Тем временем мать подготовила на буфетной доске наш торжественный чайный бело-лиловый сервиз об уцелевших четырех чашках, присоединив к ним свою женственную розовую чашечку и официальный тяжелый стакан отца как хозяйские излюбленные сосуды. Любимая чашка имелась и у бабушки — огромная, толстостенная, вся в темных декоративных трещинах, со сценой медвежьей охоты, нанесенной на фаянс легкими, словно карандашными, штрихами, — еще дедова кружка, сегодня как нельзя более уместная и поэтому извлеченная бабушкой из башни буфета, куда ее изгнали за грубоватость, неподходящую для соседства тонких сервизных чашек. Любимой чашки не было у меня одной, а если бы и была, меня давно бы уже ее л и ш и л и.
Мать расставляла по столу мелкие тарелки с синей зубчатой обводкой и раскладывала возле них ножи и вилки — нож справа, вилку слева. К этому я тоже не допускалась, до сих пор позорно плохо соображая, где право, где лево. Снова делая вид, что не замечает меня, мать спросила:
— А все же, мама, интересно бы знать, где она, если это не будет слишком грубо, подцепила этого Игоря?
— Лёшка-то? — сказала бабушка. Так она называла свою младшую дочь, тетю Лёку. — А что, не говорила тебе она?
— Что вы, мама. Разве от нее дождешься? У нее, как вам хорошо известно, всегда тайны мадридского двора.
— Австрийского, — поправила бабушка. — Вечно я, Надя, забываю, что мои дочки все три как на скачках соревнуются — кто кого обойдет, и все с секретами своими лошадиными. Аверьяновские английские мисс — вас так все еще в девках называли. Ну да от матери-то Лёшка не скроет. Из Сочей возвращалась, заехала к приятелям в Харьков, и этого своего, — она запнулась: к имени «Игорь» не очень-то приклеивался пренебрежительный суффикс, не Игорька же! — Игорешку своего, — нашлась она, — там и оторвала. Семейный был, да худо лежал, должно быть. Артист кино какой-то, у них это легко. Беда, что на семнадцать лет Лёшки моложе, ей сорок один, а ему-то… недопёсок еще. А сынка маленького уже сделал, да ради нашей «гнёдиге фрау», как говорят в Вене, вмиг и бросил. Жена-то, видно, полоротая, упустила мужика. Не все же нашей Лёшке в раззявах ходить, вот и на нее раззявушка нашлась.

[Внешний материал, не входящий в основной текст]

(* A $C^1$-diffeomorphism $\mathbf f:\mathcal Z\to\mathcal X$ ($\mathcal Z=\mathbb R^{d_z}$, $\mathcal X=\mathbf f(\mathcal Z)\subseteq\mathbb R^{d_x}$) is compositional and irreducible if and only if $\mathbf f$ has at most $0$-th order interaction across slots and satisfies interaction asymmetry of order $0$ for all equivalent generators.
   Context: Fix a partition $\{B_1,\dots,B_K\}$ of $[d_z]$ into nonempty slots; $\mathbf z_S=(z_i)_{i\in S}$; $\odot$ is entrywise product. For $S\subseteq[d_z]$, $I_S(\mathbf z):=\{l\in[d_x]: (D_i f_l(\mathbf z))_{i\in S}\ne\mathbf 0\}$; write $I_k:=I_{B_k}$. For $T\subseteq[d_x]$, $D\mathbf f_T(\mathbf z)$ is the $|T|\times d_z$ Jacobian of $(f_l)_{l\in T}$. Compositionality: for all $\mathbf z$ and all $k\ne j$, $I_k(\mathbf z)\cap I_j(\mathbf z)=\emptyset$. Irreducibility: for all $\mathbf z$, $k\in[K]$ and every partition $I_k(\mathbf z)=S_1\cup S_2$ into disjoint nonempty sets, $\mathrm{rank}(D\mathbf f_{S_1}(\mathbf z))+\mathrm{rank}(D\mathbf f_{S_2}(\mathbf z))>\mathrm{rank}(D\mathbf f_{I_k(\mathbf z)}(\mathbf z))$. At most $0$-th order interaction between $\mathbf z_A,\mathbf z_B$ (nonempty $A,B\subseteq[d_z]$): $D_i\mathbf f(\mathbf z)\odot D_j\mathbf f(\mathbf z)=\mathbf 0$ for all $\mathbf z$, $i\in A$, $j\in B$; if this fails at some $\mathbf z$ (for some $i\in A,j\in B$), $\mathbf z_A,\mathbf z_B$ have first-order interaction at $\mathbf z$. $\mathbf f$ has at most $0$-th order interaction across slots if all pairs of distinct slots do. Interaction asymmetry of order $0$: (i) $\mathbf f$ has at most $0$-th order interaction across slots; (ii) for every $\mathbf z$, every $k$, and all nonempty $A,B$ with $A\cup B=B_k$, $\mathbf z_A,\mathbf z_B$ have first-order interaction within $\mathbf f$ at $\mathbf z$. Equivalent generator: $\bar{\mathbf f}:\mathbb R^{d_z}\to\mathbb R^{d_x}$ with $\bar{\mathbf f}(\mathbf M_1\mathbf z_{B_1},\dots,\mathbf M_K\mathbf z_{B_K})=\mathbf f(\mathbf z)$ for all $\mathbf z$, for some invertible $\mathbf M_k\in\mathbb R^{|B_k|\times|B_k|}$; ''for all equivalent generators'' means every such $\bar{\mathbf f}$ satisfies the property. *)

From HB Require Import structures.
From mathcomp Require Import all_boot all_order all_algebra.
From mathcomp Require Import all_classical all_reals all_analysis.
Set Implicit Arguments. Unset Strict Implicit. Unset Printing Implicit Defensive.
Import Order.TTheory GRing.Theory Num.Theory.
Import numFieldNormedType.Exports.

Local Open Scope classical_set_scope.
Local Open Scope ring_scope.

Section Defs.
Variables (R : realType) (dz dx K : nat).
Variable B : 'I_dz -> 'I_K.

Definition slot (k : 'I_K) : {set 'I_dz} := [set i | B i == k].

Definition slots_nonempty : Prop := forall k : 'I_K, (0 < #|slot k|)%N.

Definition ebasis (i : 'I_dz) : 'rV[R]_dz := delta_mx 0 i.

Definition pder (f : 'rV[R]_dz -> 'rV[R]_dx) (i : 'I_dz) (l : 'I_dx)
  (z : 'rV[R]_dz) : R := ('D_(ebasis i) f z) 0 l.

Definition jac (f : 'rV[R]_dz -> 'rV[R]_dx) (z : 'rV[R]_dz) : 'M[R]_(dx, dz) :=
  \matrix_(l < dx, i < dz) pder f i l z.

Definition jacT (f : 'rV[R]_dz -> 'rV[R]_dx) (T : {set 'I_dx})
  (z : 'rV[R]_dz) : 'M[R]_(#|T|, dz) :=
  \matrix_(k < #|T|, i < dz) pder f i (enum_val k) z.

(* C^1 diffeomorphism from R^dz onto its image f(R^dz) in R^dx
   (C^1 embedding: C^1, immersive, homeomorphism onto its image) *)
Definition C1_diffeo_onto_image (f : 'rV[R]_dz -> 'rV[R]_dx) : Prop :=
  [/\ forall z, differentiable f z,
      forall i l, continuous (pder f i l),
      forall z, \rank (jac f z) = dz &
      exists g : 'rV[R]_dx -> 'rV[R]_dz,
        (forall z, g (f z) = z) /\ {within (range f), continuous g}].

Definition Iset (f : 'rV[R]_dz -> 'rV[R]_dx) (S : {set 'I_dz})
  (z : 'rV[R]_dz) : {set 'I_dx} :=
  [set l | [exists i in S, pder f i l z != 0]].

Definition compositional (f : 'rV[R]_dz -> 'rV[R]_dx) : Prop :=
  forall z (k j : 'I_K), k != j ->
    Iset f (slot k) z :&: Iset f (slot j) z = finset.set0.

Definition irreducible (f : 'rV[R]_dz -> 'rV[R]_dx) : Prop :=
  forall z (k : 'I_K) (S1 S2 : {set 'I_dx}),
    (0 < #|S1|)%N -> (0 < #|S2|)%N -> S1 :&: S2 = finset.set0 ->
    S1 :|: S2 = Iset f (slot k) z ->
    (\rank (jacT f S1 z) + \rank (jacT f S2 z) > \rank (jacT f (Iset f (slot k) z) z))%N.

Definition atmost0 (f : 'rV[R]_dz -> 'rV[R]_dx) (A C : {set 'I_dz}) : Prop :=
  forall z i j, i \in A -> j \in C ->
    forall l, pder f i l z * pder f j l z = 0.

Definition first_order_at (f : 'rV[R]_dz -> 'rV[R]_dx) (A C : {set 'I_dz})
  (z : 'rV[R]_dz) : Prop :=
  exists i j l, [/\ i \in A, j \in C & pder f i l z * pder f j l z != 0].

Definition atmost0_across_slots (f : 'rV[R]_dz -> 'rV[R]_dx) : Prop :=
  forall k j : 'I_K, k != j -> atmost0 f (slot k) (slot j).

Definition interaction_asymmetry0 (f : 'rV[R]_dz -> 'rV[R]_dx) : Prop :=
  atmost0_across_slots f /\
  forall z (k : 'I_K) (A C : {set 'I_dz}),
    (0 < #|A|)%N -> (0 < #|C|)%N -> A :|: C = slot k -> first_order_at f A C z.

(* block-diagonal invertible matrix w.r.t. the slot partition:
   equivalently, one invertible |B_k| x |B_k| block M_k per slot *)
Definition slot_blockdiag_inv (M : 'M[R]_dz) : Prop :=
  M \in unitmx /\ forall i j, B i != B j -> M i j = 0.

(* fbar (M_1 z_{B_1}, ..., M_K z_{B_K}) = f z for all z *)
Definition equivalent_generator (f fbar : 'rV[R]_dz -> 'rV[R]_dx) : Prop :=
  exists M : 'M[R]_dz, slot_blockdiag_inv M /\
    forall z : 'rV[R]_dz, fbar (z *m M^T) = f z.

End Defs.

(* Everything happens at the Jacobian J = Df(z), which has full column rank; an
   equivalent generator has Jacobian J Q with Q = M^-1 invertible and block diagonal
   with respect to the slots.  Right multiplication by such a Q preserves the row
   supports I_k and the ranks of row blocks, so compositionality and irreducibility
   pass to every equivalent generator, and compositionality is literally the absence
   of interaction across slots.
   If a split B_k = A u C had no interaction, the outputs depending on z_A and those
   depending on z_C would split I_k into two blocks whose Jacobians live on the
   disjoint coordinates A and C, so their ranks would add up.
   Conversely, if I_k = S_1 u S_2 with rank Df_S1 + rank Df_S2 <= rank Df_Ik <= |B_k|,
   a change of coordinates inside slot k sending bases of the two row spaces to the
   coordinate rows of complementary sets A, C gives an equivalent generator (it is
   invertible because J has full column rank) in which S_1 depends only on z_A and
   S_2 only on z_C, so z_A and z_C do not interact. *)

From HB Require Import structures.
From mathcomp Require Import all_boot all_order all_algebra.
From mathcomp Require Import all_classical all_reals all_analysis.
Set Implicit Arguments. Unset Strict Implicit. Unset Printing Implicit Defensive.
Import Order.TTheory GRing.Theory Num.Theory.
Import numFieldNormedType.Exports.
Local Open Scope ring_scope.

Section CoordinateProjection.
Variables (F : fieldType) (n : nat).
Implicit Types A C : {set 'I_n}.

(* [X *m coordmx A = X] says that the rows of X are supported on A. *)
Definition coordmx A : 'M[F]_n := diag_mx (\row_i (i \in A)%:R).

Lemma mul_mx_coordmx m (X : 'M[F]_(m, n)) A t j :
  (X *m coordmx A) t j = (j \in A)%:R * X t j.
Proof. by rewrite mul_mx_diag !mxE mulrC. Qed.

Lemma row_coordmx_mul m A (X : 'M[F]_(n, m)) i :
  row i (coordmx A *m X) = (i \in A)%:R *: row i X.
Proof. by apply/rowP => j; rewrite mul_diag_mx !mxE. Qed.

Lemma row_coordmx A i : row i (coordmx A) = (i \in A)%:R *: delta_mx 0 i.
Proof. by rewrite row_diag_mx mxE. Qed.

Lemma coordmxM A C : coordmx A *m coordmx C = coordmx (A :&: C).
Proof.
apply/row_matrixP => i; rewrite row_coordmx_mul !row_coordmx scalerA -natrM.
by rewrite inE mulnb.
Qed.

Lemma coordmx0 : coordmx finset.set0 = 0.
Proof. by apply/matrixP => i j; rewrite !mxE inE mul0rn. Qed.

Lemma coord_support m (X : 'M[F]_(m, n)) A :
  X *m coordmx A = X <-> forall t j, j \notin A -> X t j = 0.
Proof.
split=> [XA t j jA | X0].
  by rewrite -XA mul_mx_coordmx (negbTE jA) mul0r.
apply/matrixP => t j; rewrite mul_mx_coordmx.
by case: (boolP (j \in A)) => [_|/X0 ->]; rewrite ?mul1r ?mulr0.
Qed.

Lemma coord_support_sub m1 m2 (X : 'M[F]_(m1, n)) (Y : 'M[F]_(m2, n)) A :
  (X <= Y)%MS -> Y *m coordmx A = Y -> X *m coordmx A = X.
Proof. by move=> /submxP[D ->] YA; rewrite -mulmxA YA. Qed.

Lemma mxrank_coordmx A : (\rank (coordmx A) <= #|A|)%N.
Proof.
rewrite /coordmx diag_mx_sum_delta -sum1_card [X in (_ <= X)%N]big_mkcond /=.
apply: (big_ind2 (fun (M : 'M[F]_n) k => \rank M <= k)%N) => [|M1 n1 M2 n2 le1 le2|i _].
- by rewrite mxrank0.
- exact: leq_trans (mxrank_add _ _) (leq_add le1 le2).
rewrite mxE; case: (i \in A); last by rewrite scale0r mxrank0.
by rewrite scale1r mxrank_delta.
Qed.

Lemma mxrank_coord_support m (X : 'M[F]_(m, n)) A :
  X *m coordmx A = X -> (\rank X <= #|A|)%N.
Proof. by move=> <-; exact: leq_trans (mxrankM_maxr _ _) (mxrank_coordmx A). Qed.
Lemma norm_dotv_le (u v : V) : `|dotv u v| <= d.+1%:R * (`|u| * `|v|).
Proof.
apply: (le_trans (ler_norm_sum _ _ _)).
apply: (@le_trans _ _ (\sum_(i < d) (`|u| * `|v|))).
  by apply: ler_sum => i _; rewrite normrM; apply: ler_pM => //; exact: coord_le_norm.
rewrite sumr_const card_ord -[X in X <= _]mulr_natl.
by apply: ler_wpM2r; [exact: mulr_ge0 | rewrite ler_nat].
Qed.

Lemma dotvv_ge0 (v : V) : 0 <= dotv v v.
Proof. by apply: sumr_ge0 => i _; rewrite -expr2 sqr_ge0. Qed.

Lemma enormN (v : V) : enorm (- v) = enorm v.
Proof. by rewrite /enorm dotvNl dotvNr opprK. Qed.

Lemma norm_le_enorm (v : V) : `|v| <= enorm v.
Proof.
apply: norm_le_coord; first exact: sqrtr_ge0.
move=> i; rewrite -sqrtr_sqr /enorm ler_sqrt; last exact: dotvv_ge0.
rewrite /dotv (bigD1 i) //= -expr2 lerDl; apply: sumr_ge0 => j _.
by rewrite -expr2 sqr_ge0.
Qed.

Lemma enorm_le_norm (v : V) : enorm v <= d.+1%:R * `|v|.
Proof.
rewrite -[leRHS]ger0_norm ?mulr_ge0 // -sqrtr_sqr /enorm ler_sqrt ?sqr_ge0 //.
apply: (@le_trans _ _ (\sum_(i < d) (`|v| ^+ 2))).
  apply: ler_sum => i _; rewrite -expr2 -real_normK ?num_real //.
  by rewrite lerXn2r // ?nnegrE // coord_le_norm.
rewrite sumr_const card_ord exprMn -[X in X <= _]mulr_natl.
apply: ler_wpM2r; first exact: sqr_ge0.
by rewrite -natrX ler_nat (@leq_trans d.+1) // expnS leq_pmulr.
Qed.

(** * Local Lipschitz continuity of convex functions *)

(* Balls are taken in the max norm [`|_|] of ['rV_d]; the Euclidean [enorm] of
   the definitions is within a factor [d.+1] of it (norm_le_enorm, enorm_le_norm). *)
Definition lipschitz_ball (C : V -> Prop) (F : V -> R) (y : V) (r L : R) :=
  [/\ 0 < r, 0 <= L, (forall z, `|z - y| < r -> C z) &
      forall z w, `|z - y| < r -> `|w - y| < r -> `|F z - F w| <= L * `|z - w|].
(* Let $k\ge 0$ be an integer and let $a,b,c\in\mathbb{C}$ be such that no lower parameter below is a nonpositive integer (in particular $b,c\notin\{0,-1,-2,\dots\}$ and $1+a-b,1+a-c\notin\{0,-1,-2,\dots\}$). Define $$Q_k^{(2)}(n;a;b,c)={}_3F_2\!\left[\begin{matrix}-n,\ n+a,\ -k\\ b,\ c\end{matrix}\,\Big|\,1\right]=\sum_{j=0}^{k}\frac{(-n)_j(n+a)_j(-k)_j}{j!\,(b)_j(c)_j},$$ which is a polynomial of degree $2k$ in $n$ (and of degree $k$ in $\lambda=n(n+a)$). Then, as an identity of analytic functions in a neighborhood of $x=0$, $${}_3F_2\!\left[\begin{matrix}\tfrac a2,\ \tfrac12+\tfrac a2,\ 1-k+a-b-c\\ 1+a-b,\ 1+a-c\end{matrix}\,\Big|\,-\frac{4x}{(1-x)^2}\right]=(1-x)^a\sum_{n=0}^\infty\frac{(a)_n(b)_n(c)_n}{n!\,(1+a-b)_n(1+a-c)_n}\,Q_k^{(2)}(n;a;b,c)\,x^n .$$
   Context: $(c)_n=c(c+1)\cdots(c+n-1)$, $(c)_0=1$, denotes the Pochhammer symbol. ${}_{p}F_{q}\!\left[\begin{smallmatrix}a_1,\dots,a_p\\ b_1,\dots,b_q\end{smallmatrix}\,\big|\,x\right]=\sum_{n\ge0}\frac{(a_1)_n\cdots(a_p)_n}{n!(b_1)_n\cdots(b_q)_n}x^n$ is the generalized hypergeometric series. Equivalently, the right-hand series equals a ${}_{3+2k}F_{2+2k}$ with extra upper parameters $1+\xi_i$ and lower parameters $\xi_i$, where $\xi_1,\dots,\xi_{2k}$ are the negated roots of $Q_k^{(2)}$. *)

(* Formal power series are represented by coefficient
   sequences nat -> C over a numeric algebraically closed field C
   (the MathComp abstraction of the complex numbers). *)
From HB Require Import structures.
From mathcomp Require Import all_boot all_order all_algebra.
Set Implicit Arguments. Unset Strict Implicit. Unset Printing Implicit Defensive.
Import Order.TTheory GRing.Theory Num.Theory.
Local Open Scope ring_scope.

Section Defs.
Variable R : fieldType.

Definition poch (x : R) (n : nat) : R := \prod_(i < n) (x + i%:R).

Definition hyp_coef (us ls : seq R) (n : nat) : R :=
  (\prod_(u <- us) poch u n) / (n`!%:R * \prod_(l <- ls) poch l n).

Definition Q2 (k n : nat) (a b c : R) : R :=
  \sum_(j < k.+1) hyp_coef [:: - n%:R; n%:R + a; - k%:R] [:: b; c] j.

Definition fps := nat -> R.
Definition fps_one : fps := fun n => (n == 0%N)%:R.
Definition fps_mul (f g : fps) : fps :=
  fun n => \sum_(i < n.+1) f i * g (n - i)%N.
Definition fps_exp (f : fps) (m : nat) : fps := iter m (fps_mul f) fps_one.
(* composition F(g(x)), meaningful when g has zero constant term *)
Definition fps_comp (F g : fps) : fps :=
  fun N => \sum_(m < N.+1) F m * fps_exp g m N.
Definition fps_1mX_pow (s : R) : fps := fun j => poch (- s) j / j`!%:R.
Definition fps_X : fps := fun n => (n == 1%N)%:R.
Definition fps_scale (c : R) (f : fps) : fps := fun n => c * f n.
Definition fps_hyp (us ls : seq R) : fps := hyp_coef us ls.
End Defs.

Бабушкины дочери, как дочери всякой Софьи, были названы последовательно — Вера, Надежда, Любовь. Но старшая, Вера, задолго до революции умерла от скоротечной чахотки, и родившуюся после этой смерти тетю Лёку бабушка с дедом для комплекта нарекли именем умершей сестры. Верой тетя Лека звалась, правда, лишь до восемнадцати лет. Во-первых, суеверная, она побаивалась имени покойницы, а во-вторых, имя «Вера» было страшно простонародно и несовременно, и вторая Вера Гавриловна, опубликовавшись в газете и заплатив довольно крупную сумму из первой своей получки, поменяла это неудачное имя. Теперь она называлась Диалектикой Гавриловной, тетей Лёкой.
— Артист кино-о! — с недоверчивым раздражением протянула мать. — Любка об этом знает? То-то, с позволения сказать, взбесится! — Имелась в виду средняя дочь бабушки, тетя Люба, а старшей теперь была моя мать. — Интересные, как говорится, шляпки носила буржуазия!..
— И Любовь не знает. Уж с ней-то Лёшка меньше всего язык чешет. Одна я знаю, — закреплялась в кратком своем превосходстве бабушка.
Я замерла, ликуя. Ожидался приход даже не просто незнакомого гостя и родственника, но еще и киноартиста! Навряд ли теперь они все решатся меня при нем не брать с собой и л и ш а т ь, позо-риться-то! Игра, скорее, пойдет под девизами «сор из избы не выносить» и «мы тоже не лыком шиты». Плохо только одно: отец при артисте, конечно же, заговорит на своем это-это-языке.